As always, we should import modules that we need to create a database first.

  • old friend panda
  • sqlite3: SQLite is a C library that provides a lightweight disk-based database that doesn’t require a separate server process and allows accessing the database using a nonstandard variant of the SQL query language.
import pandas as pd
import sqlite3
from plotly import express as px
import numpy as np
from sklearn.linear_model import LinearRegression
temps = pd.read_csv("temps_stacked.csv")

# rename columns
countries = pd.read_csv('countries.csv')
countries = countries.rename(columns = {"FIPS 10-4": "FIPS_10-4"}) 
countries = countries.rename(columns = {"ISO 3166": "ISO_3166"})

stations = pd.read_csv('station-metadata.csv')

The ‘countries’ table has column names that contain space.

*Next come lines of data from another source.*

(* Let $G$ be a group, $c\in G$, and $k_1,\dots,k_n$ integers with $k=\gcd(k_1,\dots,k_n)$. If the set $\{(x_1,\dots,x_n)\in G^n:x_1^{k_1}\cdots x_n^{k_n}=c\}$ is $2$-large in $G^n$, then $z^k=1$ for all $z\in Z(G)$.
   Context: A subset $X$ of a group $K$ is $2$-large in $K$ if $aX\cap bX\ne\emptyset$ for all $a,b\in K$. *)

From mathcomp Require Import all_boot all_algebra.
Set Implicit Arguments. Unset Strict Implicit. Unset Printing Implicit Defensive.

Local Open Scope group_scope.

(* Integer power x^m in a group: x^n for m = n >= 0, (x^(n+1))^-1 for m = -(n+1). *)
Definition zexpg (G : groupType) (x : G) (m : int) : G :=
  match m with
  | Posz n => x ^+ n
  | Negz n => (x ^+ n.+1)^-1
  end.

(* The direct power G^n, elements as functions 'I_n -> G, with the
   componentwise product. *)
Definition tmul (G : groupType) (n : nat) (a x : 'I_n -> G) : 'I_n -> G :=
  fun i => a i * x i.

(* X is 2-large in G^n: aX meets bX for all a, b in G^n, i.e. there are
   x, y in X with a x = b y. *)
Definition two_large (G : groupType) (n : nat) (X : ('I_n -> G) -> Prop) : Prop :=
  forall a b : 'I_n -> G, exists x y, X x /\ X y /\ tmul a x = tmul b y.

Definition in_center (G : groupType) (z : G) : Prop := forall g : G, z * g = g * z.

Definition word_val (G : groupType) (n : nat) (k : 'I_n -> int) (x : 'I_n -> G) : G :=
  \big[*%g/1]_(i < n) zexpg (x i) (k i).

(* gcd(k_1, ..., k_n) (nonnegative; 0 for n = 0 or all k_i = 0). *)
Definition gcd_list (n : nat) (k : 'I_n -> int) : int := \big[gcdz/0%R]_(i < n) k i.

(* Translating a solution x by the element of G^n that is z in coordinate j
   and 1 elsewhere multiplies the word by z^(k_j) when z is central.  Applying
   2-largeness to this translate and the identity gives two solutions whose
   words differ by exactly z^(k_j), so z^(k_j) = 1 for every j, and Bezout
   passes this on to the gcd. *)
From mathcomp Require Import all_boot all_algebra.

Set Implicit Arguments.
Unset Strict Implicit.
Unset Printing Implicit Defensive.

Local Open Scope group_scope.

Section IntegerPowers.

Variable G : groupType.
Implicit Types x y z : G.

Lemma zexpg_eq1 z m : zexpg z m = 1 <-> z ^+ `|m|%N = 1.
Proof.
case: m => [n|n] //=; split=> [/eqP|->]; last exact: invg1.
by rewrite invg_eq1 => /eqP.
Qed.

Lemma zexpg1n m : zexpg (1 : G) m = 1.
Proof. by case: m => n /=; rewrite expg1n ?invg1. Qed.

Lemma commute_zexpg x y m : commute x y -> commute x (zexpg y m).
Proof. by case: m => n cxy /=; [apply: commuteX | apply/commuteV/commuteX]. Qed.

Lemma zexpgMn x y m : commute x y -> zexpg (x * y) m = zexpg x m * zexpg y m.
Proof.
case: m => n cxy /=; rewrite expgMn //.
rewrite invgM; apply/commute_sym/commuteV/commute_sym/commuteV.
exact: commuteX2.
Qed.

Lemma expg_gcdn_eq1 x a b : x ^+ a = 1 -> x ^+ b = 1 -> x ^+ gcdn a b = 1.
Proof.
move=> xa1 xb1; have [->|a_gt0] := posnP a; first by rewrite gcd0n.
have [u _ /dvdnP[q gcd_def]] := Bezoutl b a_gt0.
have : x ^+ (gcdn a b + u * b) = 1 by rewrite gcd_def mulnC expgnA xa1 expg1n.
by rewrite expgnDr mulnC expgnA xb1 expg1n mulg1.
Qed.

Lemma zexpg_gcd_list_eq1 n (k : 'I_n -> int) z :
  (forall i, zexpg z (k i) = 1) -> zexpg z (gcd_list k) = 1.
Proof.
move=> zk1; apply/zexpg_eq1; apply: (big_ind (fun m : int => z ^+ `|m|%N = 1)).
- exact: expg0.
- by move=> a b; rewrite /gcdz; apply: expg_gcdn_eq1.
- by move=> i _; apply/zexpg_eq1.
Qed.

End IntegerPowers.

Section TranslationByCentralElement.

Variables (G : groupType) (n : nat) (k : 'I_n -> int).

Definition delta_at (j : 'I_n) (z : G) : 'I_n -> G :=
  fun i => if i == j then z else 1.

Lemma word_val_tmul_delta_at j z x : in_center z ->
  word_val k (tmul (delta_at j z) x) = zexpg z (k j) * word_val k x.
Proof.
move=> zZ; have central_at i : in_center (delta_at j z i).
  by rewrite /delta_at; case: eqP => // _ g; rewrite mul1g mulg1.
rewrite /word_val /tmul.
under eq_bigr => i _ do rewrite (zexpgMn _ (central_at i (x i))).
rewrite prodgM_commute; last first.
  by move=> i l _ _; apply/commute_sym/commute_zexpg/commute_sym/central_at.
congr (_ * _); rewrite -(@big_pred1_eq G 1 *%g _ j (fun i => zexpg z (k i))).
rewrite big_mkcond; apply: eq_bigr => i _; rewrite /delta_at.
by case: eqP => // _; rewrite zexpg1n.
Qed.

Lemma two_large_center_zexpg_eq1 (c : G) j (z : G) :
  two_large (fun x => word_val k x = c) -> in_center z -> zexpg z (k j) = 1.
Proof.
move=> large zZ; have [x [y [wx [wy xy]]]] := large (delta_at j z) (fun=> 1).
have : word_val k (tmul (delta_at j z) x) = c.
  by rewrite xy -wy; apply: eq_bigr => i _; rewrite /tmul mul1g.
rewrite word_val_tmul_delta_at // wx => zkc.
by apply: (mulIg c); rewrite mul1g zkc.
Qed.

End TranslationByCentralElement.

Theorem corollary3p10 (G : groupType) (c : G) (n : nat) (k : 'I_n -> int) :
  two_large (fun x : 'I_n -> G => word_val k x = c) ->
  forall z : G, in_center z -> zexpg z (gcd_list k) = 1%g.
Proof.
move=> large z zZ; apply: zexpg_gcd_list_eq1 => j.
exact: two_large_center_zexpg_eq1 large zZ.
Qed.
Theorem lemma3p1 (R : realType) (n : nat) (F : 'rV[R]_n -> R) :
  (2 <= n)%N -> integrand F ->
  let O := Hypo (Iop (Dop F)) in
  polar O = KF F /\ polar (KF F) = O /\
  [/\ compact O, convex_set (O : set (convex_lmodType 'rV[R]_n)) & (interior O) 0].
Proof.
move=> n_ge2 [lsc [_ F_gt0]] O.
have n_gt0 : (0 < n)%N by exact: leq_trans n_ge2.
have [m m_gt0 m_le_F] :=
  lower_semicontinuous_compact_pos_lb lsc (@sphere_compact R n) F_gt0.
have -> : O = polar (KF F) by exact: Hypo_Iop_Dop m_gt0 m_le_F n_gt0.
split; first exact: polar_polar_KF m_gt0 m_le_F n_gt0.
split=> //; split.
- by apply: (polar_compact m_gt0) => u u1; exact: KF_scale_sphere.
- exact: polar_convex.
- apply: (nbhs0_polar (c := fun i => F (unitv R i) + F (- unitv R i))) => [i|z Kz i].
    by rewrite addr_ge0 // ltW // F_gt0 //; [exact: sphere_unitv | exact/sphereN/sphere_unitv].
  exact: KF_coord_bound m_gt0 m_le_F _ _ Kz.
Qed.
(* Let $A=-3(9s^8+48s^7t+64s^6t^2+48s^4t^4+128s^3t^5+16t^8)$ and $B=-2(3s^4+8s^3t+8t^4)(9s^8+48s^7t+64s^6t^2+48s^4t^4+128s^3t^5-8t^8)$. The elliptic surface $X\to\mathbb{P}^1$ defined by $y^2=x^3+Ax+B$ is a K3 surface whose singular fibres are exactly six semi-stable fibres, of Kodaira types $I_1,I_1,I_1,I_2,I_3,I_{16}$.
   Context: For homogeneous polynomials $A,B\in\mathbb{Q}[s,t]$ of degrees $8$ and $12$, the elliptic surface defined by $y^2=x^3+Ax+B$ is the minimal smooth relatively minimal elliptic surface over $\mathbb{P}^1$ (coordinates $(s:t)$) with zero section, obtained as the minimal resolution of this Weierstrass model; its singular fibres lie over the zeros of the discriminant $\Delta=-16(4A^3+27B^2)$. $I_n$ denotes Kodaira's fibre type (a nodal rational curve for $n=1$, a cycle of $n$ smooth rational curves for $n\ge2$); such fibres are called semi-stable. The surface is K3 iff its Euler number (the sum of Euler numbers of the singular fibres, $n$ for $I_n$) equals $24$. *)

From mathcomp Require Import all_boot all_order all_algebra all_field.
Set Implicit Arguments. Unset Strict Implicit. Unset Printing Implicit Defensive.
Import Order.TTheory GRing.Theory Num.Theory.
Local Open Scope ring_scope.

(* Points of P^1 over the algebraic closure (algC) in coordinates (s:t):
   [Some a] is the point (a:1), [None] is the point at infinity (1:0). *)
Definition P1pt := option algC.

(* A binary form F(s,t) of degree d is represented by its dehomogenisation
   f(s) = F(s,1).  [ordF d f p] is the order of vanishing of F at p:
   at (a:1) it is the multiplicity of a as a root of f; at (1:0) it is
   d - deg f (the power of t dividing F). *)
Definition ordF (d : nat) (f : {poly algC}) (p : P1pt) : nat :=
  match p with
  | Some a => mup a f
  | None => (d - (size f).-1)%N
  end.

Definition discr (A B : {poly algC}) : {poly algC} :=
  - 16 * (4 * A ^+ 3 + 27 * B ^+ 2).

Inductive kodaira :=
  | KI of nat     (* I_n, n >= 0 (I_0 = smooth fibre) *)
  | KIs of nat
  | KII | KIII | KIV | KIVs | KIIIs | KIIs
  | KNonMinimal.

(* Kodaira type of the fibre over p of the (minimal resolution of the)
   Weierstrass model y^2 = x^3 + A x + B with deg A = 8, deg B = 12
   forms, via the standard (Tate/Neron) valuation table in char. 0. *)
Definition fibre_type (A B : {poly algC}) (p : P1pt) : kodaira :=
  let a := ordF 8 A p in
  let b := ordF 12 B p in
  let dl := ordF 24 (discr A B) p in
  if (4 <= a)%N && (6 <= b)%N then KNonMinimal
  else if dl == 0%N then KI 0
  else if (a == 0%N) || (b == 0%N) then KI dl
  else if b == 1%N then KII
  else if a == 1%N then KIII
  else if b == 2%N then KIV
  else if (a == 2%N) || (b == 3%N) then KIs (dl - 6)
  else if b == 4%N then KIVs
  else if a == 3%N then KIIIs
  else KIIs.

Definition euler_fibre (k : kodaira) : nat :=
  match k with
  | KI n => n
  | KIs n => n + 6
  | KII => 2 | KIII => 3 | KIV => 4
  | KIVs => 8 | KIIIs => 9 | KIIs => 10
  | KNonMinimal => 0
  end%N.

Definition singular_fibre (A B : {poly algC}) (p : P1pt) : Prop :=
  fibre_type A B p <> KI 0.

(* K3 criterion: the Euler numbers of the singular fibres sum to 24. *)
Definition is_K3 (A B : {poly algC}) : Prop :=
  exists ps : seq P1pt, uniq ps /\
    (forall p, singular_fibre A B p -> p \in ps) /\
    (\sum_(p <- ps) euler_fibre (fibre_type A B p) = 24)%N.

(* Over P^1 the discriminant factors as
     Delta = 12^6 t^16 s^3 (s + 2t)^2 c(s,t),  c = 9s^3 + 12s^2 t - 20s t^2 + 32t^3,
   and A = -48 t^8 - 3 s^3 (s + 2t)^2 c(s,t) = -48 t^8 - 3 Delta / (12^6 t^16).
   Hence A does not vanish where Delta does (at t = 0 because deg A(s,1) = 8), so
   every singular fibre is of type I_n with n the order of Delta.  The cubic c is
   separable (a Bezout identity with c') and c(0,1), c(-2,1) are non-zero, so the
   fibres are I_1 at the three roots of c, I_2 at s = -2t, I_3 at s = 0 and I_16 at
   t = 0; their Euler numbers add up to 24. *)

From mathcomp Require Import all_boot all_order all_algebra all_field.
From mathcomp Require Import ring.
Set Implicit Arguments. Unset Strict Implicit. Unset Printing Implicit Defensive.
Import GRing.Theory Num.Theory.
Local Open Scope ring_scope.

Lemma root_discr (A B : {poly algC}) x : root A x -> root B x -> root (discr A B) x.
Proof.
by rewrite /root /discr !(hornerM, hornerD, horner_exp) => /eqP-> /eqP->; apply/eqP; ring.
Qed.

Lemma fibre_type_semistable (A B : {poly algC}) p :
  (ordF 8 A p == 0%N) || (ordF 12 B p == 0%N) ->
  fibre_type A B p = KI (ordF 24 (discr A B) p).
Proof.
rewrite /fibre_type => unit_AB.
have -> : ((4 <= ordF 8 A p) && (6 <= ordF 12 B p))%N = false.
  by case/orP: unit_AB => /eqP->; rewrite ?andbF.
by rewrite unit_AB; case: eqP => // ->.
Qed.

Definition weierA : {poly algC} :=
  -3 * (9 * 'X^8 + 48 * 'X^7 + 64 * 'X^6 + 48 * 'X^4 + 128 * 'X^3 + 16).
Definition weierB : {poly algC} :=
  -2 * (3 * 'X^4 + 8 * 'X^3 + 8)
     * (9 * 'X^8 + 48 * 'X^7 + 64 * 'X^6 + 48 * 'X^4 + 128 * 'X^3 - 8).

Definition cubic : {poly algC} := 9 * 'X^3 + 12 * 'X^2 - 20 * 'X + 32.
Definition reduced_discr : {poly algC} := 'X^3 * ('X + 2) ^+ 2 * cubic.

Lemma discr_weierE : discr weierA weierB = 12 ^+ 6 * reduced_discr.
Proof. by rewrite /discr /weierA /weierB /reduced_discr /cubic; ring. Qed.

Lemma weierAE : weierA = -48 - 3 * reduced_discr.
Proof. by rewrite /weierA /reduced_discr /cubic; ring. Qed.

Lemma weierA_at_discr_root x :
  root (discr weierA weierB) x -> weierA.[x] = -48.
Proof.
rewrite discr_weierE /root hornerM mulf_eq0 => /orP[|/eqP Dx].
  by rewrite -polyC_natr -polyC_exp hornerC expf_eq0 pnatr_eq0.
by rewrite weierAE hornerD !hornerN hornerM Dx mulr0 oppr0 addr0 -polyC_natr hornerC.
Qed.

Lemma horner_cubic x : cubic.[x] = 9 * x ^+ 3 + 12 * x ^+ 2 - 20 * x + 32.
Proof.
by rewrite /cubic -!polyC_natr !(hornerD, hornerN, hornerM, horner_exp, hornerX, hornerC).
Qed.

Lemma deriv_cubic : cubic^`() = 27 * 'X^2 + 24 * 'X - 20.
Proof. by rewrite /cubic !derivE; ring. Qed.

Lemma size_cubic : size cubic = 4%N.
Proof.
have -> : cubic = ((9%:P * 'X + 12%:P) * 'X + (-20)%:P) * 'X + 32%:P.
  by rewrite /cubic polyCN !polyC_natr; ring.
rewrite !size_MXaddC size_polyC.
by rewrite polyC_eq0 oppr_eq0 !pnatr_eq0 /= !andbF.
Qed.

Lemma separable_cubic : separable_poly cubic.
Proof.
rewrite unlock; apply/Bezout_coprimepP.
exists (13662 + 4617 * 'X, 864 - 5238 * 'X - 1539 * 'X^2) => /=.
have -> : (13662 + 4617 * 'X) * cubic + (864 - 5238 * 'X - 1539 * 'X^2) * cubic^`()
          = (648 ^+ 2)%:P :> {poly algC}.
  by rewrite deriv_cubic /cubic polyC_exp polyC_natr; ring.
by rewrite polyC_eqp1 expf_neq0 // pnatr_eq0.
Qed.

Lemma cubic_splits :
  exists lc r1 r2 r3 : algC, cubic = lc *: \prod_(z <- [:: r1; r2; r3]) ('X - z%:P).
Proof.
have [rs cubicE] := closed_field_poly_normal cubic.
have lc_neq0 : lead_coef cubic != 0 by rewrite lead_coef_eq0 -size_poly_eq0 size_cubic.
have : size rs = 3%N.
  by have := size_cubic; rewrite cubicE size_scale // size_prod_XsubC => -[].
case: rs cubicE => [|r1 [|r2 [|r3 [|]]]] //= cubicE _.
by exists (lead_coef cubic), r1, r2, r3.
Qed.

Section CubicRoots.

Variables lc r1 r2 r3 : algC.
Hypothesis cubicE : cubic = lc *: \prod_(z <- [:: r1; r2; r3]) ('X - z%:P).

Definition sing_roots := [:: r1; r2; r3] ++ [:: -2; 0].
Definition discr_roots := sing_roots ++ [:: -2; 0; 0].
Definition fibre_pts := rcons [seq Some z | z <- sing_roots] None.

Lemma cubic_lc_neq0 : lc != 0.
Proof.
have : cubic != 0 by rewrite -size_poly_eq0 size_cubic.
by rewrite cubicE; apply: contraNneq => ->; rewrite scale0r.
Qed.

Lemma root_cubic z : root cubic z = (z \in [:: r1; r2; r3]).
Proof. by rewrite cubicE rootZ ?cubic_lc_neq0 // root_prod_XsubC. Qed.

Lemma cubic_root_neq z : z \in [:: r1; r2; r3] -> (z != -2) && (z != 0).
Proof.
rewrite -root_cubic /root; apply: contraTT; rewrite negb_and !negbK => /orP[] /eqP->.
  have -> : cubic.[-2] = 48 by rewrite horner_cubic; ring.
  by rewrite pnatr_eq0.
have -> : cubic.[0] = 32 by rewrite horner_cubic; ring.
by rewrite pnatr_eq0.
Qed.

Lemma uniq_sing_roots : uniq sing_roots.
Proof.
rewrite cat_uniq; apply/and3P; split.
- rewrite -separable_prod_XsubC -(eqp_separable (eqp_scale _ cubic_lc_neq0)) -cubicE.
  exact: separable_cubic.
- apply/hasPn => z zin; apply/negP => /cubic_root_neq.
  by move: zin; rewrite !inE => /orP[] /eqP->; rewrite eqxx ?andbF.
- by rewrite /= inE oppr_eq0 pnatr_eq0.
Qed.

Lemma count_discr_roots x :
  count_mem x discr_roots = ((x \in sing_roots) + (x == (-2)%R) + (x == 0%R) * 2)%N.
Proof.
rewrite count_cat count_uniq_mem ?uniq_sing_roots //= !(eq_sym _ x).
ring.
Qed.

Lemma mem_discr_roots x : (x \in discr_roots) = (x \in sing_roots).
Proof. by rewrite mem_cat orb_idr // !inE => /or3P[]->; rewrite ?orbT. Qed.

Lemma discr_weier_prod :
  discr weierA weierB = (12 ^+ 6 * lc) *: \prod_(z <- discr_roots) ('X - z%:P).
Proof.
rewrite discr_weierE /reduced_discr cubicE !big_cons big_nil -!mul_polyC.
by rewrite polyCM polyC_exp polyCN polyC0 !polyC_natr; ring.
Qed.

Lemma discr_lc_neq0 : 12 ^+ 6 * lc != 0.
Proof. by rewrite mulf_neq0 ?cubic_lc_neq0 // expf_neq0 // pnatr_eq0. Qed.

Lemma size_discr_weier : size (discr weierA weierB) = 9%N.
Proof. by rewrite discr_weier_prod size_scale ?size_prod_XsubC // discr_lc_neq0. Qed.

Lemma size_weierA : size weierA = 9%N.
Proof.
have size_rd : size reduced_discr = 9%N.
  rewrite -size_discr_weier discr_weierE -polyC_natr -polyC_exp size_Cmul //.
  by rewrite expf_neq0 // pnatr_eq0.
have size_3rd : size (3 * reduced_discr) = 9%N.
  by rewrite -polyC_natr size_Cmul ?pnatr_eq0.
rewrite weierAE addrC size_polyDl !size_polyN size_3rd //.
by rewrite -polyC_natr size_polyC pnatr_eq0.
Qed.

Lemma ordF_discr_weier x :
  ordF 24 (discr weierA weierB) (Some x) = count_mem x discr_roots.
Proof.
by rewrite /= discr_weier_prod -mul_polyC mupMr ?mu_prod_XsubC // rootC discr_lc_neq0.
Qed.

Lemma ordF_discr_weier_inf : ordF 24 (discr weierA weierB) None = 16%N.
Proof. by rewrite /= size_discr_weier. Qed.

Lemma fibre_type_weier p :
  fibre_type weierA weierB p = KI (ordF 24 (discr weierA weierB) p).
Proof.
apply: fibre_type_semistable; case: p => [x|] /=; last by rewrite size_weierA.
have [Ax|/mupNroot->] := boolP (root weierA x); last by [].
rewrite orbC mupNroot //; apply/negP => Bx.
have := weierA_at_discr_root (root_discr Ax Bx); move/eqP: Ax => -> /eqP.
by rewrite eq_sym oppr_eq0 pnatr_eq0.
Qed.

Lemma uniq_fibre_pts : uniq fibre_pts.
Proof.
rewrite rcons_uniq (map_inj_uniq Some_inj) uniq_sing_roots andbT.
by apply/mapP => -[].
Qed.

Lemma singular_fibre_weier p :
  singular_fibre weierA weierB p -> p \in fibre_pts.
Proof.
rewrite mem_rcons in_cons; case: p => [x|] //.
rewrite /singular_fibre fibre_type_weier ordF_discr_weier (mem_map Some_inj) => sing_x.
apply/orP; right; rewrite -mem_discr_roots; apply/negPn/negP => /count_memPn x_reg.
by apply: sing_x; rewrite x_reg.
Qed.

Lemma fibre_types_weier :
  [seq fibre_type weierA weierB p | p <- fibre_pts]
  = [:: KI 1; KI 1; KI 1; KI 2; KI 3; KI 16].
Proof.
have count_cubic_root z : z \in [:: r1; r2; r3] -> count_mem z discr_roots = 1%N.
  move=> zr; have /andP[/negbTE z_m2 /negbTE z_0] := cubic_root_neq zr.
  by rewrite count_discr_roots mem_cat zr z_m2 z_0.
have m2_neq0 : ((-2 : algC) == 0) = false by rewrite oppr_eq0 pnatr_eq0.
rewrite /fibre_pts map_rcons /= !fibre_type_weier !ordF_discr_weier ordF_discr_weier_inf.
rewrite (count_discr_roots (-2)) (count_discr_roots 0) !mem_cat !inE !eqxx !orbT.
rewrite m2_neq0 eq_sym m2_neq0 !count_cubic_root ?inE ?eqxx ?orbT //.
Qed.

End CubicRoots.

Theorem mainTheorem4 :
  (* A(s,1) and B(s,1) *)
  let A : {poly algC} :=
    -3 * (9 * 'X^8 + 48 * 'X^7 + 64 * 'X^6 + 48 * 'X^4 + 128 * 'X^3 + 16) in
  let B : {poly algC} :=
    -2 * (3 * 'X^4 + 8 * 'X^3 + 8)
       * (9 * 'X^8 + 48 * 'X^7 + 64 * 'X^6 + 48 * 'X^4 + 128 * 'X^3 - 8) in
  [/\ discr A B != 0,
      (forall p, fibre_type A B p <> KNonMinimal),
      is_K3 A B &
      exists p1 p2 p3 p4 p5 p6 : P1pt,
        [/\ uniq [:: p1; p2; p3; p4; p5; p6],
            [/\ fibre_type A B p1 = KI 1, fibre_type A B p2 = KI 1,
                fibre_type A B p3 = KI 1, fibre_type A B p4 = KI 2 &
                fibre_type A B p5 = KI 3 /\ fibre_type A B p6 = KI 16] &
            forall p, singular_fibre A B p -> p \in [:: p1; p2; p3; p4; p5; p6]]].
Proof.
rewrite -/weierA -/weierB.
have [lc [r1 [r2 [r3 cubicE]]]] := cubic_splits.
have [= ft1 ft2 ft3 ft4 ft5 ft6] := fibre_types_weier cubicE.
split.
- by rewrite -size_poly_eq0 (size_discr_weier cubicE).
- by move=> p; rewrite (fibre_type_weier cubicE).
- exists (fibre_pts r1 r2 r3); split; first exact: uniq_fibre_pts cubicE.
  split; first exact: singular_fibre_weier cubicE.
  by rewrite -(big_map _ xpredT euler_fibre) (fibre_types_weier cubicE) !big_cons big_nil.
- exists (Some r1), (Some r2), (Some r3), (Some (-2)), (Some 0), None.
  by split; [exact: uniq_fibre_pts cubicE | | exact: singular_fibre_weier cubicE].
Qed.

Keeping spaces in column names in the database is not a good idea. Later when we use those columns, we need to put them within “ “ to specific this is a column name.

So for convenience, we could change those column names by replacing ‘space’ with ‘_’

Steps

  • start by creating a Connection object that represents the database. Here the data will be stored in the temps.db file
  • use to_sql() function to write records stored in a DataFrame to a SQL database
  • Once a Connection has been established, create a Cursor object and call its execute() method to perform SQL commands:


# open a connection to temps.db sp that you can 'talk' to using python
conn = sqlite3.connect("temps.db")

# if the temperatures already exits in the temps.db, if_exists="replace" could replace the cvs file.
temps.to_sql("temperatures", conn, if_exists="replace", index=False)
countries.to_sql("countries", conn, if_exists="replace", index=False)
stations.to_sql("stations", conn, if_exists="replace", index=False)

# always close your connection
conn.close()



Here is a simple example:

we want to check how many tables inside the database:

“SELECT name FROM sqlite_master WHERE type=’table’” is a sql command

use conn.cursor() to create a Cursor object

Cursor objects have execute() method to perform SQL commands

conn = sqlite3.connect("temps.db")

# query the database
cursor = conn.cursor()
cursor.execute("SELECT name FROM sqlite_master WHERE type='table'")

# retrieve the data
print(cursor.fetchall())

conn.close()
[('temperatures',), ('countries',), ('stations',)]

From the output, we can see total 3 tables inside the database

Before, we write a function, lets check what are varibles in those tables:

temps.head()
ID Year Month Temp
0 ACW00011604 1961 1 -0.89
1 ACW00011604 1961 2 2.36
2 ACW00011604 1961 3 4.72
3 ACW00011604 1961 4 7.73
4 ACW00011604 1961 5 11.28
countries.head()
FIPS_10-4 ISO_3166 Name
0 AF AF Afghanistan
1 AX - Akrotiri
2 AL AL Albania
3 AG DZ Algeria
4 AQ AS American Samoa
stations.head()
ID LATITUDE LONGITUDE STNELEV NAME
0 ACW00011604 57.7667 11.8667 18.0 SAVE
1 AE000041196 25.3330 55.5170 34.0 SHARJAH_INTER_AIRP
2 AEM00041184 25.6170 55.9330 31.0 RAS_AL_KHAIMAH_INTE
3 AEM00041194 25.2550 55.3640 10.4 DUBAI_INTL
4 AEM00041216 24.4300 54.4700 3.0 ABU_DHABI_BATEEN_AIR

2. Write a Query Function


The return value of query_climate_database() is a Pandas dataframe of temperature readings for the specified country, in the specified date range, in the specified month of the year. This dataframe should have columns for:

  1. country, a string giving the name of a country (e.g. ‘United States’) for which data should be returned.
  2. year_begin a integer giving the earliest years for which should be returned.
  3. year_end a integer giving the latest years for which should be returned.
  4. month, an integer giving the month of the year for which should be returned.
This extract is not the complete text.